Maar de genade van God is absoluut nodig en deze zal de mens des te eerder toestromen, naarmate hij deemoediger van hart is. Gods eindeloze liefde laat geen mens vallen en de levenswandel van degene die ze eenmaal gegrepen heeft, speelt zich zo af, zoals God het in Zijn wijsheid en liefde voor juist en goed houdt voor de ontwikkeling van de ziel van de mens. Hoezeer het er ook op lijkt, dat de kracht in de mens om weerstand te bieden, afneemt.

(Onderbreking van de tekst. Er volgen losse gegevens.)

Lemma omega1_le_card_continuum : le_card W continuum.
Proof.
have F_ex a : exists Fa : W -> nat,
    forall y z, lt y a -> lt z a -> Fa y = Fa z -> y = z.
  have [f f_inj] := segment_countable a.
  exists (fun y => if pselect (lt y a) is left ya then f (exist _ y ya) else 0).
  move=> y z ya za; case: (pselect (lt y a)) => // ya'.
  by case: (pselect (lt z a)) => // za' /f_inj /(congr1 (@proj1_sig _ _)).
have [F F_inj] := choice F_ex.
exists (fun a k => `[< segment_relation (F a) a (Cantor.of_nat k) >]).
move=> a b code_ab.
have Rab : segment_relation (F a) a = segment_relation (F b) b.
  apply: funext => mn; apply: propext.
  have := congr1 (fun r => r (Cantor.to_nat mn)) code_ab.
  cbv beta; rewrite Cantor.cancel_of_to => e.
  by split=> /asboolT; [rewrite e | rewrite -e] => /asboolP.
case: (lt_total a b) => [ab | [// | ba]].
- by case: (segment_relation_lt_neq (F_inj b) (F_inj a) ab).
- by case: (segment_relation_lt_neq (F_inj a) (F_inj b) ba).
Qed.

End Omega1.

(** * Doubling almost all of a type *)

(* [R (x, b, a)] reads [j x b = a] for a partial doubling [j]. *)
Record pairing_graph V (R : V * bool * V -> Prop) : Prop := {
  pairing_functional : forall x b a a', R (x, b, a) -> R (x, b, a') -> a = a';
  pairing_injective : forall x b x' b' a,
    R (x, b, a) -> R (x', b', a) -> x = x' /\ b = b';
  pairing_total : forall x b b' a, R (x, b, a) -> exists a', R (x, b', a');
  pairing_closed : forall x b a, R (x, b, a) -> exists a', R (a, false, a') }.

Lemma pairing_graph_bigcup V (F : (V * bool * V -> Prop) -> Prop) :
  (forall R, F R -> pairing_graph R) ->
  (forall R R', F R -> F R' -> subset R R' \/ subset R' R) ->
  pairing_graph (fun t => exists2 R, F R & R t).
Proof.
move=> F_pairing F_chain.
have common R1 R2 t1 t2 :
    F R1 -> F R2 -> R1 t1 -> R2 t2 -> exists2 R, F R & R t1 /\ R t2.
  move=> FR1 FR2 Rt1 Rt2; case: (F_chain R1 R2 FR1 FR2) => sub.
  - by exists R2 => //; split; first apply: sub.
  - by exists R1 => //; split; last apply: sub.
split.
- move=> x b a a' [R1 FR1 H1] [R2 FR2 H2].
  have [R FR [{}H1 {}H2]] := common _ _ _ _ FR1 FR2 H1 H2.
  exact: (pairing_functional (F_pairing R FR) H1 H2).
- move=> x b x' b' a [R1 FR1 H1] [R2 FR2 H2].
  have [R FR [{}H1 {}H2]] := common _ _ _ _ FR1 FR2 H1 H2.
  exact: (pairing_injective (F_pairing R FR) H1 H2).
- move=> x b b' a [R FR H].
  have [a' H'] := pairing_total (F_pairing R FR) b' H.
  by exists a', R.
- move=> x b a [R FR H].
  have [a' H'] := pairing_closed (F_pairing R FR) H.
  by exists a', R.
Qed.

Lemma pairing_graph_extend V (R : V * bool * V -> Prop) (s : nat -> V) :
  pairing_graph R -> injective s -> (forall n a, ~ R (s n, false, a)) ->
  pairing_graph (fun t => R t \/ exists n b, t = (s n, b, s (2 * n + Nat.b2n b))).
Proof.
move=> R_pairing s_inj s_out.
have out_src n b a : ~ R (s n, b, a).
  by move=> /(pairing_total R_pairing false) [a' /s_out].
have out_tgt x b n : ~ R (x, b, s n).
  by move=> /(pairing_closed R_pairing) [a' /s_out].
split.
- move=> x b a a' [H1 | [n1 [b1 E1]]] [H2 | [n2 [b2 E2]]].
  + exact: (pairing_functional R_pairing H1 H2).
  + by case: E2 => ? ? ?; subst; case: (out_src _ _ _ H1).
  + by case: E1 => ? ? ?; subst; case: (out_src _ _ _ H2).
  + by case: E1 => ? ? ?; subst; case: E2 => /s_inj -> -> ->.
- move=> x b x' b' a [H1 | [n1 [b1 E1]]] [H2 | [n2 [b2 E2]]].
  + exact: (pairing_injective R_pairing H1 H2).
  + by case: E2 => ? ? ?; subst; case: (out_tgt _ _ _ H1).
  + by case: E1 => ? ? ?; subst; case: (out_tgt _ _ _ H2).
  + by case: E1 => ? ? ?; subst; case: E2 => ? ? /s_inj /double_b2n_inj [-> ->].
- move=> x b b' a [H | [n [b1 E]]].
  + by have [a' H'] := pairing_total R_pairing b' H; exists a'; left.
  + by case: E => -> _ _; exists (s (2 * n + Nat.b2n b')); right; exists n, b'.
- move=> x b a [H | [n [b1 E]]].
  + by have [a' H'] := pairing_closed R_pairing H; exists a'; left.
  + case: E => _ _ ->; exists (s (2 * (2 * n + Nat.b2n b1) + 0)).
    by right; exists (2 * n + Nat.b2n b1), false.
Qed.

Record doubling V (S : V -> Prop) (j : V -> bool -> V) : Prop := {
  doubling_closed : forall x b, S x -> S (j x b);
  doubling_inj : forall x b x' b',
    S x -> S x' -> j x b = j x' b' -> x = x' /\ b = b';
  doubling_dfinite : ~ exists s : nat -> V, injective s /\ forall n, ~ S (s n) }.

Lemma doubling_exists V : exists (S : V -> Prop) j, doubling S j.
Proof.
have [R [R_pairing R_max]] := Zorn_bigcup (@pairing_graph_bigcup V).
pose S x := exists a, R (x, false, a).
have j_ex (xb : V * bool) : exists a, S xb.1 -> R (xb.1, xb.2, a).
  case: (pselect (S xb.1)) => [[a0 H0] | nS]; last by exists xb.1.
  by have [a H] := pairing_total R_pairing xb.2 H0; exists a.
have [j jP] := choice j_ex.
exists S, (fun x b => j (x, b)); split.
- move=> x b Sx; have [a' H'] := pairing_closed R_pairing (jP (x, b) Sx).
  by exists a'.
- move=> x b x' b' Sx Sx' jj.
  have /= Rx := jP (x, b) Sx; have /= Rx' := jP (x', b') Sx'.
  by rewrite jj in Rx; apply: (pairing_injective R_pairing Rx Rx').
- move=> [s [s_inj s_out]].
  have s_out' n a : ~ R (s n, false, a) by move=> H; apply: (s_out n); exists a.
  apply: R_max (pairing_graph_extend R_pairing s_inj s_out'); split.
  + by move=> t Rt; left.
  + move=> /(_ (s 0, false, s 0)) R'_R; apply: (s_out' 0 (s 0)).
    by apply: R'_R; right; exists 0, false.
Qed.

Hij grijpt in, als het daar de tijd voor is, want Hij laat Zijn werk geen gevaar lopen en laat het ook niet in gevaar brengen door de mens. Hij eist enkel de toewijding van de mens, opdat ook aan Zijn werkzaam zijn geen verzet geboden wordt. De zwakke wil van de mens zal hij sterker maken, maar nooit de aan Hem tegengestelde wil gedwongen veranderen.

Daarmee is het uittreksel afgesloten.